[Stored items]
Lemma subseq_cvg_family (I : finType) (K : I -> C -> Prop) (u : nat -> I -> C) :
  (forall i, embedded_local_field abs (K i)) ->
  (forall k i, K i (u k i) /\ abs (u k i) <= 1) ->
  exists (phi : nat -> nat) (l : I -> C), {homo phi : x y / (x < y)%N} /\
    forall i, K i (l i) /\ cvg (fun k => u (phi k) i) (l i).
Proof.
move=> hK hu.
suff [phi [l [hphi hl]]] : exists (phi : nat -> nat) (l : I -> C),
    {homo phi : x y / (x < y)%N} /\
    forall i, i \in enum I -> K i (l i) /\ cvg (fun k => u (phi k) i) (l i).
  by exists phi, l; split=> // i; apply: hl; rewrite mem_enum.
elim: (enum I) => [|a r [phi [l [hphi hl]]]]; first by exists id, (fun=> 0); split.
have [_ [_ compact_a]] := hK a.
have [psi [la [hpsi [Kla cvg_a]]]] := compact_a (fun k => u (phi k) a) (fun k => hu _ a).
exists (phi \o psi), (fun i => if i == a then la else l i); split.
  by move=> x y /hpsi /hphi.
move=> i; rewrite inE; case: eqP => [-> //|_ /= /hl[Kli cvg_i]]; split=> //.
exact: (cvg_subseq (u := fun k => u (phi k) i)).
Qed.

Lemma proj_subseq_cvg (J : finType) (K : J -> C -> Prop) m n
    (A : nat -> J -> 'M[C]_(m, n)) :
  (forall j, embedded_local_field abs (K j)) ->
  (forall k j, mx_over (K j) (A k j)) -> (forall k j, A k j != 0) ->
  exists (c : nat -> J -> C) (phi : nat -> nat) (L : J -> 'M[C]_(m, n)),
    [/\ {homo phi : x y / (x < y)%N}, forall k j, K j (c k j) /\ c k j != 0,
        forall j, mx_over (K j) (L j) /\ L j != 0
      & forall j, mxcvg (fun k => c (phi k) j *: A (phi k) j) (L j)].
Proof.
move=> hK hA nA.
have /functional_choice[c hc] : forall kj : nat * J, exists c,
    [/\ K kj.2 c, c != 0, forall i j, abs ((c *: A kj.1 kj.2) i j) <= 1
     & exists i j, abs ((c *: A kj.1 kj.2) i j) = 1].
  by move=> [k j]; apply: mx_normalize; [case: (hK j) | apply: hA | apply: nA].
pose B k j := c (k, j) *: A k j.
have hB : forall k (q : J * 'I_m * 'I_n),
    K q.1.1 (B k q.1.1 q.1.2 q.2) /\ abs (B k q.1.1 q.1.2 q.2) <= 1.
  move=> k [[j a] b]; have [Kc _ B1 _] := hc (k, j); split=> //.
  by rewrite mxE; apply: subfieldM; [case: (hK j) | | apply: hA].
have [phi [l [hphi hl]]] := subseq_cvg_family (fun q => hK q.1.1) hB.
pose L j := \matrix_(a, b) l (j, a, b).
exists (fun k j => c (k, j)), phi, L; split=> // [k j|j|j a b].
- by have [] := hc (k, j).
- split=> [a b|]; first by rewrite mxE; have [] := hl (j, a, b).
  apply/eqP => Lj0.
  have /eventually_all[N hN] : forall a, eventually (fun k =>
      forall b, abs (B (phi k) j a b - L j a b) < 1).
    move=> a; apply: eventually_all => b; rewrite mxE.
    by have [_ cvg_ab] := hl (j, a, b); apply: cvg_ab ltr01.
  have [_ _ _ [a [b Bab]]] := hc (phi N, j).
  move: Bab; rewrite /= mxE => Bab.
  by have := hN N (leqnn N) a b; rewrite Lj0 !mxE subr0 Bab ltxx.
- by rewrite mxE; have [] := hl (j, a, b).
Qed.
(* Let $M$ be a $3$-connected matroid with a $3$-connected minor $N$ where $|E(N)|\ge 4$. If $T$ is an $N$-grounded triangle of $M$ and $x\in T$, then $M/x$ does not have an $N$-minor.
   Context: ''Has an $N$-minor'' means has a minor isomorphic to $N$. A triangle $T$ of $M$ is $N$-grounded if for all distinct $a,b\in T$, none of $M/a/b$, $M/a\backslash b$, $M\backslash a/b$, $M\backslash a\backslash b$ has an $N$-minor. *)

From mathcomp Require Import all_boot.
Set Implicit Arguments. Unset Strict Implicit. Unset Printing Implicit Defensive.

Record mat (T : finType) := Mat { ground : {set T}; indep : pred {set T} }.

Definition is_matroid (T : finType) (M : mat T) : Prop :=
  [/\ indep M set0,
      forall I : {set T}, indep M I -> I \subset ground M,
      forall I J : {set T}, indep M J -> I \subset J -> indep M I &
      forall I J : {set T}, indep M I -> indep M J -> #|I| < #|J| ->
        exists2 e, e \in J :\: I & indep M (e |: I)].

Definition rank (T : finType) (M : mat T) (X : {set T}) : nat :=
  \max_(I : {set T} | (I \subset X) && indep M I) #|I|.

Definition delete (T : finType) (M : mat T) (D : {set T}) : mat T :=
  Mat (ground M :\: D) (fun I => indep M I && (I \subset ground M :\: D)).

Definition contract (T : finType) (M : mat T) (C : {set T}) : mat T :=
  Mat (ground M :\: C)
      (fun I => (I \subset ground M :\: C) &&
         (rank M (I :|: (C :&: ground M)) == #|I| + rank M (C :&: ground M))).

Definition isomorphic (T T' : finType) (M : mat T) (N : mat T') : Prop :=
  exists f : T -> T',
    [/\ {in ground M &, injective f}, f @: ground M = ground N &
        forall I : {set T}, I \subset ground M -> indep M I = indep N (f @: I)].

Definition has_minor (T T' : finType) (M : mat T) (N : mat T') : Prop :=
  exists C D : {set T},
    [/\ C \subset ground M, D \subset ground M, [disjoint C & D] &
        isomorphic (delete (contract M C) D) N].

(* Tutte connectivity: M is 3-connected if it has no k-separation, k < 3:
   no X ⊆ E with |X|,|E-X| >= k and r(X) + r(E-X) - r(M) < k. *)
Definition three_connected (T : finType) (M : mat T) : Prop :=
  forall (k : nat) (X : {set T}), 0 < k < 3 -> X \subset ground M ->
    k <= #|X| -> k <= #|ground M :\: X| ->
    rank M (ground M) + k <= rank M X + rank M (ground M :\: X).

Definition circuit (T : finType) (M : mat T) (C : {set T}) : Prop :=
  [/\ C \subset ground M, ~~ indep M C & forall e, e \in C -> indep M (C :\ e)].

Definition triangle (T : finType) (M : mat T) (Tr : {set T}) : Prop :=
  circuit M Tr /\ #|Tr| = 3.

Definition grounded (T T' : finType) (M : mat T) (N : mat T') (Tr : {set T}) : Prop :=
  forall a b : T, a \in Tr -> b \in Tr -> a != b ->
    [/\ ~ has_minor (contract (contract M [set a]) [set b]) N,
        ~ has_minor (delete (contract M [set a]) [set b]) N,
        ~ has_minor (contract (delete M [set a]) [set b]) N &
        ~ has_minor (delete (delete M [set a]) [set b]) N].

(* Suppose M / x / C \ D is isomorphic to N, and let a, b be the other two
   elements of the triangle.  Groundedness forbids a or b to lie in C or D, so
   both survive in the minor.  There {a, b} is dependent, since the triangle is
   a circuit whose third element x has been contracted; its image in N is then a
   dependent pair, i.e. a 2-separation of N, impossible when N is 3-connected
   with at least four elements. *)
From mathcomp Require Import all_boot zify.
Set Implicit Arguments. Unset Strict Implicit. Unset Printing Implicit Defensive.

Section Rank.
Variable T : finType.
Implicit Types (M : mat T) (X Y I J : {set T}).

Lemma card_indep_le_rank M I X : indep M I -> I \subset X -> #|I| <= rank M X.
Proof. by move=> HI HX; apply: (leq_bigmax_cond I); rewrite HX HI. Qed.

Lemma rank_attained M X : indep M set0 ->
  exists I, [/\ I \subset X, indep M I & #|I| = rank M X].
Proof.
move=> H0; rewrite /rank (bigmax_eq_arg set0) ?sub0set ?H0 //.
by case: arg_maxnP => [|I /andP[HIX HI] _]; [rewrite sub0set H0 | exists I].
Qed.

Lemma rankS M X Y : X \subset Y -> rank M X <= rank M Y.
Proof.
move=> HXY; apply/bigmax_leqP => I /andP[HIX HI].
exact: card_indep_le_rank HI (subset_trans HIX HXY).
Qed.

Lemma indep_extend M I X : is_matroid M -> indep M I -> I \subset X ->
  exists J, [/\ I \subset J, J \subset X, indep M J & #|J| = rank M X].
Proof.
case=> H0 _ _ Haug.
move Hn: (rank M X - #|I|) => n.
elim: n I Hn => [|n IH] I Hn HI HIX.
  exists I; split=> //; apply/eqP; rewrite eqn_leq card_indep_le_rank //=.
  by move/eqP: Hn; rewrite subn_eq0.
have [K [HKX HK HKc]] := rank_attained X H0.
have ltIK : #|I| < #|K| by lia.
have [e] := Haug _ _ HI HK ltIK.
rewrite inE => /andP[eI eK] HeI.
have [||J [HeJ HJX HJ HJc]] := IH (e |: I) _ HeI.
- by rewrite cardsU1 eI add1n subnS Hn.
- by rewrite subUset sub1set (subsetP HKX) // HIX.
by exists J; split=> //; apply: subset_trans HeJ; apply: subsetUr.
Qed.

End Rank.

Section Minors.
Variable T : finType.
Implicit Types (M : mat T) (X Y I C D S : {set T}).

Definition mat_eq M1 M2 :=
  ground M1 = ground M2 /\ forall I, indep M1 I = indep M2 I.

Lemma mat_eq_rank M1 M2 X : mat_eq M1 M2 -> rank M1 X = rank M2 X.
Proof. by case=> _ H; apply: eq_bigl => I; rewrite H. Qed.

Lemma mat_eq_sym M1 M2 : mat_eq M1 M2 -> mat_eq M2 M1.
Proof. by case=> H1 H2; split. Qed.

Lemma mat_eq_trans M1 M2 M3 : mat_eq M1 M2 -> mat_eq M2 M3 -> mat_eq M1 M3.
Proof. by case=> H1 H2 [H3 H4]; split=> [|I]; rewrite ?H1 ?H2. Qed.

Lemma mat_eq_contract M1 M2 C : mat_eq M1 M2 -> mat_eq (contract M1 C) (contract M2 C).
Proof.
by move=> H; have [Hg _] := H; split=> [|I]; rewrite /= Hg // !(mat_eq_rank _ H).
Qed.

Lemma mat_eq_delete M1 M2 D : mat_eq M1 M2 -> mat_eq (delete M1 D) (delete M2 D).
Proof. by case=> Hg Hi; split=> [|I]; rewrite /= Hg ?Hi. Qed.

Lemma delete_delete M D1 D2 : mat_eq (delete (delete M D1) D2) (delete M (D1 :|: D2)).
Proof.
split=> [|I]; rewrite /= setDDl // -andbA; congr (_ && _).
case H: (I \subset ground M :\: (D1 :|: D2)); rewrite ?andbT ?andbF //.
by apply: subset_trans H _; rewrite setDS // subsetUl.
Qed.

Lemma rank_delete M D Y : Y \subset ground M :\: D -> rank (delete M D) Y = rank M Y.
Proof.
move=> HY; apply: eq_bigl => I /=.
by case HI: (I \subset Y); rewrite //= (subset_trans HI HY) andbT.
Qed.

Lemma contract_delete M C D : [disjoint C & D] ->
  mat_eq (contract (delete M D) C) (delete (contract M C) D).
Proof.
move=> Hd.
have Esw : (ground M :\: D) :\: C = (ground M :\: C) :\: D by rewrite !setDDl setUC.
have HCD : C :&: ground M \subset ground M :\: D.
  by apply/subsetP=> e; rewrite !inE => /andP[eC ->]; rewrite (disjointFr Hd eC).
split=> [|I] /=; first exact: Esw.
have -> : C :&: (ground M :\: D) = C :&: ground M.
  by rewrite setIDA; apply/setDidPl; apply: disjointWl Hd; apply: subsetIl.
rewrite andbC -Esw.
case HI: (I \subset (ground M :\: D) :\: C); rewrite ?andbF //=.
have HID : I \subset ground M :\: D by apply: subset_trans HI (subsetDl _ _).
have HIC : I \subset ground M :\: C.
  by rewrite Esw in HI; apply: subset_trans HI (subsetDl _ _).
by rewrite HIC /= !rank_delete // ?subUset ?HID ?HCD // andbT.
Qed.

Lemma rank_contract M C Y : is_matroid M -> Y \subset ground M :\: C ->
  rank (contract M C) Y + rank M (C :&: ground M) = rank M (Y :|: (C :&: ground M)).
Proof.
move=> Hm HY; have [H0 _ Hdown _] := Hm.
set C0 := C :&: ground M.
apply/eqP; rewrite eqn_leq; apply/andP; split.
  have H0c : indep (contract M C) set0 by rewrite /= sub0set set0U cards0 eqxx.
  have [J [HJY /andP[_ /eqP HJr] <-]] := rank_attained Y H0c.
  by rewrite -HJr; apply: rankS; apply: setSU.
have [B [HBC HB HBc]] := rank_attained C0 H0.
have [J' [HBJ HJY HJ HJc]] := indep_extend Hm HB (subset_trans HBC (subsetUr Y _)).
set J := J' :\: C0.
have h1 : #|J' :&: C0| <= rank M C0.
  by apply: card_indep_le_rank; [apply: Hdown HJ _; apply: subsetIl | apply: subsetIr].
have h2 : #|B| <= #|J' :&: C0| by apply: subset_leq_card; rewrite subsetI HBJ HBC.
have h3 := cardsID C0 J'; rewrite -/J in h3.
have HJY' : J \subset Y.
  apply/subsetP=> e; rewrite inE => /andP[eC eJ].
  by move: (subsetP HJY e eJ); rewrite inE (negbTE eC) orbF.
have h4 : rank M (J :|: C0) <= rank M (Y :|: C0) by apply: rankS; apply: setSU.
have h5 : #|J'| <= rank M (J :|: C0).
  apply: card_indep_le_rank => //; apply/subsetP=> e eJ.
  by rewrite /J in_setU in_setD eJ andbT orNb.
have HJind : indep (contract M C) J.
  by rewrite /= (subset_trans HJY' HY) -/C0; apply/eqP; lia.
have := card_indep_le_rank HJind HJY'; lia.
Qed.

Lemma contract_contract M C1 C2 : is_matroid M ->
  mat_eq (contract (contract M C1) C2) (contract M (C1 :|: C2)).
Proof.
move=> Hm; split=> [|I] /=; rewrite setDDl //.
case HI: (I \subset ground M :\: (C1 :|: C2)) => //=.
have HIC1 : I \subset ground M :\: C1.
  by apply: subset_trans HI _; rewrite setDS // subsetUl.
have HC2 : C2 :&: (ground M :\: C1) \subset ground M :\: C1 by rewrite subsetIr.
have HIC2 : I :|: C2 :&: (ground M :\: C1) \subset ground M :\: C1.
  by rewrite subUset HIC1 HC2.
have E1 := rank_contract Hm HIC2.
have E2 := rank_contract Hm HC2.
have S1 : I :|: C2 :&: (ground M :\: C1) :|: C1 :&: ground M
          = I :|: (C1 :|: C2) :&: ground M.
  by apply/setP=> e; rewrite !inE; do 4!case: (_ \in _).
have S2 : C2 :&: (ground M :\: C1) :|: C1 :&: ground M = (C1 :|: C2) :&: ground M.
  by apply/setP=> e; rewrite !inE; do 3!case: (_ \in _).
rewrite S1 in E1; rewrite S2 in E2.
rewrite -E1 -E2; fold (contract M C1); apply/eqP/eqP => h; lia.
Qed.

Lemma contract_circuit_dep M C S Tr a : is_matroid M -> circuit M Tr ->
  a \in Tr -> a \in S -> Tr \subset S :|: C -> ~~ indep (contract M C) S.
Proof.
move=> Hm [HTE HTd HTi] aT aS HTS; have [_ _ Hdown _] := Hm.
set C0 := C :&: ground M.
rewrite /= negb_and -/C0; apply/orP; right; apply/negP => /eqP HSr.
have HX : Tr :\ a \subset S :|: C0.
  apply/subsetP=> e /setD1P[_ eT]; move: (subsetP HTS e eT) (subsetP HTE e eT).
  by rewrite !inE => /orP[->|->] ->; rewrite ?orbT.
have [K [HaK HKX HK HKc]] := indep_extend Hm (HTi a aT) HX.
have aK : a \notin K.
  apply: contra HTd => aK; apply: Hdown HK _; apply/subsetP=> e eT.
  by case: (e =P a) => [->//|/eqP ne]; apply: (subsetP HaK); rewrite !inE ne.
have HKs : K \subset (S :\ a) :|: (K :&: C0).
  apply/subsetP=> e eK; move: (subsetP HKX e eK); rewrite !inE eK /=.
  by case: (e =P a) => [ea|//]; move: aK; rewrite -ea eK.
have hK := subset_leq_card HKs; rewrite cardsU in hK.
have hC0 : #|K :&: C0| <= rank M C0.
  by apply: card_indep_le_rank; [apply: Hdown HK _; apply: subsetIl | apply: subsetIr].
have hS := cardsD1 a S; rewrite aS in hS.
lia.
Qed.

End Minors.

Lemma isomorphic_mat_eq (T T' : finType) (M1 M2 : mat T) (N : mat T') :
  mat_eq M1 M2 -> isomorphic M1 N -> isomorphic M2 N.
Proof.
case=> Hg Hi [f [Hinj Him Hind]]; exists f; rewrite -Hg; split=> // I HI.
by rewrite -Hi Hind.
Qed.

Lemma three_connected_pair_indep (T : finType) (N : mat T) u v :
  three_connected N -> 4 <= #|ground N| -> u \in ground N -> v \in ground N ->
  u != v -> indep N [set u; v].
Proof.
move=> HNc HN4 uN vN uv; apply: contraT => Hd.
have HX : [set u; v] \subset ground N by apply/subsetP=> e /set2P[]->.
have c2 : #|[set u; v]| = 2 by rewrite cards2 uv.
have cD : #|ground N :\: [set u; v]| = #|ground N| - 2.
  by rewrite cardsD (setIidPr HX) c2.
have r1 : rank N [set u; v] <= 1.
  apply/bigmax_leqP => I /andP[HIX HI].
  case: (I =P [set u; v]) => [E|/eqP ne]; first by move: Hd; rewrite -E HI.
  have HIp : I \proper [set u; v] by rewrite properEneq ne HIX.
  by have := proper_card HIp; rewrite c2.
have r2 : rank N (ground N :\: [set u; v]) <= rank N (ground N) by apply/rankS/subsetDl.
have := HNc 2 [set u; v] erefl HX; rewrite c2 cD => /(_ erefl); lia.
Qed.

Lemma isomorphic_indep_pair (T T' : finType) (M : mat T) (N : mat T') a b :
  isomorphic M N -> three_connected N -> 4 <= #|ground N| ->
  a \in ground M -> b \in ground M -> a != b -> indep M [set a; b].
Proof.
move=> [f [Hinj Him Hind]] HNc HN4 aM bM ab.
rewrite Hind; last by apply/subsetP=> e /set2P[]->.
rewrite imsetU1 imset_set1; apply: three_connected_pair_indep => //.
- by rewrite -Him imset_f.
- by rewrite -Him imset_f.
by apply: contra ab => /eqP/Hinj->.
Qed.

Lemma has_minor_delete1 (T T' : finType) (M : mat T) (N : mat T')
    (C D : {set T}) (y : T) :
  C \subset ground M -> D \subset ground M -> [disjoint C & D] ->
  isomorphic (delete (contract M C) D) N -> y \in D -> has_minor (delete M [set y]) N.
Proof.
move=> HC HD HCD Hiso yD.
have yC : y \notin C by rewrite (disjointFl HCD yD).
exists C, (D :\ y); split.
- by rewrite /= subsetD HC disjoint_sym disjoints1.
- by rewrite /= setSD.
- by apply: disjointWr HCD; apply: subsetDl.
apply: isomorphic_mat_eq Hiso; apply: mat_eq_sym.
apply: mat_eq_trans (mat_eq_delete _ (contract_delete _ _)) _.
  by rewrite disjoint_sym disjoints1.
by apply: mat_eq_trans (delete_delete _ _ _) _; rewrite setD1K.
Qed.

Lemma has_minor_contract1 (T T' : finType) (M : mat T) (N : mat T')
    (X C D : {set T}) (y : T) :
  is_matroid M -> C \subset ground M :\: X -> D \subset ground M :\: X ->
  [disjoint C & D] -> isomorphic (delete (contract (contract M X) C) D) N ->
  y \in C -> has_minor (contract (contract M X) [set y]) N.
Proof.
move=> Hm HC HD HCD Hiso yC.
exists (C :\ y), D; split.
- by rewrite /= setSD.
- by rewrite /= subsetD HD disjoint_sym disjoints1 (disjointFr HCD yC).
- by apply: disjointWl HCD; apply: subsetDl.
apply: isomorphic_mat_eq Hiso; apply: mat_eq_delete.
apply: mat_eq_trans (contract_contract _ _ Hm) _.
apply: mat_eq_sym; apply: mat_eq_trans (mat_eq_contract _ (contract_contract _ _ Hm)) _.
apply: mat_eq_trans (contract_contract _ _ Hm) _.
by rewrite -setUA setD1K.
Qed.

Theorem lemma3p1 (T T' : finType) (M : mat T) (N : mat T') :
  is_matroid M -> is_matroid N ->
  three_connected M -> three_connected N ->
  has_minor M N -> 4 <= #|ground N| ->
  forall (Tr : {set T}), triangle M Tr -> grounded M N Tr ->
  forall x, x \in Tr -> ~ has_minor (contract M [set x]) N.
Proof.
move=> Hm _ _ HNc _ HN4 Tr [HTc HT3] Hg x xT [C [D [HC HD HCD Hiso]]].
have HTE : Tr \subset ground M by case: HTc.
have /cards2P[a [b [ab Hab]]] : #|Tr :\ x| == 2
  by move: HT3; rewrite (cardsD1 x) xT add1n => -[->].
have /setD1P[ax aT] : a \in Tr :\ x by rewrite Hab !inE eqxx.
have /setD1P[bx bT] : b \in Tr :\ x by rewrite Hab !inE eqxx orbT.
have survives y :
    y \in Tr -> y != x -> y \in ground (delete (contract (contract M [set x]) C) D).
  move=> yT yx; have xy : x != y by rewrite eq_sym.
  have [HyC HyD _ _] := Hg x y xT yT xy.
  rewrite !inE yx (subsetP HTE y yT) !andbT.
  apply/andP; split; apply/negP.
  - by move=> yD; apply: HyD (has_minor_delete1 HC HD HCD Hiso yD).
  - by move=> yC; apply: HyC (has_minor_contract1 Hm HC HD HCD Hiso yC).
have HTab : Tr \subset [set a; b] :|: ([set x] :|: C).
  apply/subsetP=> e eT; case: (e =P x) => [->|/eqP ex]; first by rewrite !inE eqxx orbT.
  have : e \in Tr :\ x by rewrite !inE ex eT.
  by rewrite Hab !inE => ->.
have := contract_circuit_dep Hm HTc aT (setU11 _ _) HTab.
rewrite -(contract_contract _ _ Hm).2 => /negP; apply.
have := isomorphic_indep_pair Hiso HNc HN4 (survives _ aT ax) (survives _ bT bx) ab.
by case/andP.
Qed.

**WHAT YOU SHOULD DO:** Filter the records for the string "hpsi" and copy every line that holds it.

**ANSWER BOX:**
have [psi [la [hpsi [Kla cvg_a]]]] := compact_a (fun k => u (phi k) a) (fun k => hu _ a).
  by move=> x y /hpsi /hphi.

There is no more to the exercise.